(Saved entries)

(* For all $|c|>c_0$ there exists $\mu_{per}>0$ such that for all $\mu\in(0,\mu_{per})$: (i) for all $\omega\in\mathbb{R}$ and $s\ge0$, $L_\mu[\omega]$ is a bounded operator from $\mathcal{X}^s$ to itself; (ii) for all $\omega_1,\omega_2\in\mathbb{R}$ and $\mathbf{u}$, $\|[(L_\mu[\omega_1]-L_\mu[\omega_2])\mathbf{u}]\cdot\mathbf{e}_1\|_s\le C|\omega_1-\omega_2|\|\mathbf{u}\|_{s+1}$ and $\|[(L_\mu[\omega_1]-L_\mu[\omega_2])\mathbf{u}]\cdot\mathbf{e}_2\|_s\le C\mu|\omega_1-\omega_2|\|\mathbf{u}\|_{s+1}$; (iii) there exist $\omega_\mu$ and $|\upsilon_\mu|\le1$ such that, with $\Gamma_\mu\boldsymbol\varphi:=c^2\omega_\mu^2\mu\partial_X^2\boldsymbol\varphi+L_\mu[\omega_\mu]I^\mu\boldsymbol\varphi$, one has $\Gamma_\mu\boldsymbol\varphi=0$ with $\boldsymbol\varphi\in\mathcal{X}^s$ if and only if $\boldsymbol\varphi=a\boldsymbol\nu_\mu$ for some $a\in\mathbb{R}$, where $\boldsymbol\nu_\mu(X)=(\upsilon_\mu\cos X,\ \sin X)^T$; (iv) there exists $|z_\mu|\le1$ such that $\Gamma_\mu\boldsymbol\varphi=\mathbf{g}$ has a solution $\boldsymbol\varphi\in\mathcal{X}^{s+2}$ for given $\mathbf{g}\in\mathcal{X}^s$ if and only if $\langle\mathbf{g},\boldsymbol\nu^*_\mu\rangle_0=0$, where $\boldsymbol\nu^*_\mu(X)=(z_\mu\cos X,\ \sin X)^T$; also $\Gamma_\mu^\dagger\boldsymbol\nu^*_\mu=0$; (v) if $\Gamma_\mu\boldsymbol\varphi=\mathbf{g}$ and moreover $\langle\boldsymbol\varphi,\boldsymbol\nu^*_\mu\rangle_0=0$, then $\|\boldsymbol\varphi\|_{s+2}\le C\|\mathbf{g}\|_s$, where $C>0$ does not depend on $\mu$, $\boldsymbol\varphi$, $\mathbf{g}$.
   Context: $c_0=\sqrt2$. $S^df(X)=f(X+d)$. For $\omega\in\mathbb{R}$, $A[\omega]=\tfrac12(S^\omega+S^{-\omega})$, $\delta[\omega]=\tfrac12(S^\omega-S^{-\omega})$, and $$L_\mu[\omega]=\begin{pmatrix}-2\delta[\omega]^2(1-\mu A[\omega]^2)&-2\mu A[\omega]\delta[\omega](1-2A[\omega]^2+\mu A[\omega]^2\delta[\omega]^2)\\ 2\mu A[\omega]\delta[\omega]&2(1+\mu A[\omega]^2-\mu^2A[\omega]^2\delta[\omega]^2)\end{pmatrix}.$$ $I^\mu=\mathrm{diag}(\mu,1)$; $\mathbf{e}_1,\mathbf{e}_2$ standard basis. $H^s_{per}$ is the Sobolev space of $2\pi$-periodic functions, $E^s_{per,0}$ its even functions with $\int_{-\pi}^\pi u=0$, $O^s_{per}$ its odd functions; $\mathcal{X}^s=E^s_{per,0}\times O^s_{per}$ with the $H^s_{per}$ norm $\|\cdot\|_s$ (also used for scalar functions) and $\langle\cdot,\cdot\rangle_0$ the $L^2(-\pi,\pi)$ inner product on pairs; $\Gamma_\mu^\dagger$ is the $L^2$ adjoint. Constants $C$ are independent of $\mu$ (and of $\omega$). *)

From Stdlib Require Import Reals.
From Coquelicot Require Import Coquelicot.
Open Scope R_scope.

(* A real 2*pi-periodic (distribution) u is represented by its real Fourier
   coefficients:  u(X) = sum_{k>=0} cc u k * cos(kX) + sc u k * sin(kX).
   (sc u 0 multiplies sin 0 = 0; on the spaces below it is required to be 0.) *)
Record tfun := TF { cc : nat -> R ; sc : nat -> R }.

Definition tzero : tfun := TF (fun _ => 0) (fun _ => 0).
Definition tadd (u v : tfun) : tfun :=
  TF (fun k => cc u k + cc v k) (fun k => sc u k + sc v k).
Definition tscal (r : R) (u : tfun) : tfun :=
  TF (fun k => r * cc u k) (fun k => r * sc u k).
Definition tsub (u v : tfun) : tfun := tadd u (tscal (-1) v).

(* Shift  (S^d u)(X) = u(X + d), computed on the Fourier coefficients. *)
Definition shift (d : R) (u : tfun) : tfun :=
  TF (fun k => cc u k * cos (INR k * d) + sc u k * sin (INR k * d))
     (fun k => sc u k * cos (INR k * d) - cc u k * sin (INR k * d)).

Definition dX (u : tfun) : tfun :=
  TF (fun k => INR k * sc u k) (fun k => - (INR k * cc u k)).

Definition Aop (w : R) (u : tfun) : tfun :=
  tscal (1/2) (tadd (shift w u) (shift (- w) u)).
Definition Dop (w : R) (u : tfun) : tfun :=
  tscal (1/2) (tsub (shift w u) (shift (- w) u)).

Definition L11 (mu w : R) (u : tfun) : tfun :=
  tscal (-2) (Dop w (Dop w (tsub u (tscal mu (Aop w (Aop w u)))))).
Definition L12 (mu w : R) (u : tfun) : tfun :=
  tscal (-2 * mu) (Aop w (Dop w
    (tadd (tsub u (tscal 2 (Aop w (Aop w u))))
          (tscal mu (Aop w (Aop w (Dop w (Dop w u)))))))).
Definition L21 (mu w : R) (u : tfun) : tfun :=
  tscal (2 * mu) (Aop w (Dop w u)).
Definition L22 (mu w : R) (u : tfun) : tfun :=
  tscal 2 (tsub (tadd u (tscal mu (Aop w (Aop w u))))
                (tscal (mu ^ 2) (Aop w (Aop w (Dop w (Dop w u)))))).

Definition pfun := (tfun * tfun)%type.
Definition pzero : pfun := (tzero, tzero).
Definition padd (p q : pfun) : pfun := (tadd (fst p) (fst q), tadd (snd p) (snd q)).
Definition pscal (r : R) (p : pfun) : pfun := (tscal r (fst p), tscal r (snd p)).
Definition psub (p q : pfun) : pfun := padd p (pscal (-1) q).

Definition Lmat (mu w : R) (p : pfun) : pfun :=
  (tadd (L11 mu w (fst p)) (L12 mu w (snd p)),
   tadd (L21 mu w (fst p)) (L22 mu w (snd p))).

Definition Imu (mu : R) (p : pfun) : pfun := (tscal mu (fst p), snd p).

Definition pdX2 (p : pfun) : pfun := (dX (dX (fst p)), dX (dX (snd p))).

Definition Gamma (c mu w : R) (p : pfun) : pfun :=
  padd (pscal (c ^ 2 * w ^ 2 * mu) (pdX2 p)) (Lmat mu w (Imu mu p)).

Definition sob_term (s : R) (u : tfun) (k : nat) : R :=
  Rpower (1 + INR k ^ 2) s * (cc u k ^ 2 + sc u k ^ 2).
Definition Hs (s : R) (u : tfun) : Prop := ex_series (sob_term s u).
Definition nrm (s : R) (u : tfun) : R := sqrt (Series (sob_term s u)).

Definition even (u : tfun) : Prop := forall k, sc u k = 0.
Definition odd (u : tfun) : Prop := (forall k, cc u k = 0) /\ sc u 0 = 0.
(* int_{-pi}^{pi} u = 2 pi * cc u 0 *)
Definition mean0 (u : tfun) : Prop := cc u 0 = 0.

Definition inX (s : R) (p : pfun) : Prop :=
  even (fst p) /\ mean0 (fst p) /\ odd (snd p) /\ Hs s (fst p) /\ Hs s (snd p).
Definition pnorm (s : R) (p : pfun) : R :=
  sqrt (Series (sob_term s (fst p)) + Series (sob_term s (snd p))).

(* L^2(-pi,pi) inner product (Parseval):
   int_{-pi}^{pi} u v = pi (2 a0 a0' + sum_{k>=1} (a_k a_k' + b_k b_k')) *)
Definition ip (u v : tfun) : R :=
  PI * (2 * cc u 0 * cc v 0 +
        Series (fun k => cc u (S k) * cc v (S k) + sc u (S k) * sc v (S k))).
Definition pip (p q : pfun) : R := ip (fst p) (fst q) + ip (snd p) (snd q).

(* Gamma^dagger psi = 0 (L^2 adjoint, Gamma with domain X^2 in X^0):
   <Gamma phi, psi>_0 = 0 for every phi in the domain. *)
Definition adjoint_null (G : pfun -> pfun) (psi : pfun) : Prop :=
  forall phi, inX 2 phi -> pip (G phi) psi = 0.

- What is being asked -
Please return every line from the one that contains "even (fst p)" through the end of the entries, exactly, leaving out all others.

- Answer area -
  even (fst p) /\ mean0 (fst p) /\ odd (snd p) /\ Hs s (fst p) /\ Hs s (snd p).
Definition pnorm (s : R) (p : pfun) : R :=
  sqrt (Series (sob_term s (fst p)) + Series (sob_term s (snd p))).

(* L^2(-pi,pi) inner product (Parseval):
   int_{-pi}^{pi} u v = pi (2 a0 a0' + sum_{k>=1} (a_k a_k' + b_k b_k')) *)
Definition ip (u v : tfun) : R :=
  PI * (2 * cc u 0 * cc v 0 +
        Series (fun k => cc u (S k) * cc v (S k) + sc u (S k) * sc v (S k))).
Definition pip (p q : pfun) : R := ip (fst p) (fst q) + ip (snd p) (snd q).

(* Gamma^dagger psi = 0 (L^2 adjoint, Gamma with domain X^2 in X^0):
   <Gamma phi, psi>_0 = 0 for every phi in the domain. *)
Definition adjoint_null (G : pfun -> pfun) (psi : pfun) : Prop :=
  forall phi, inX 2 phi -> pip (G phi) psi = 0.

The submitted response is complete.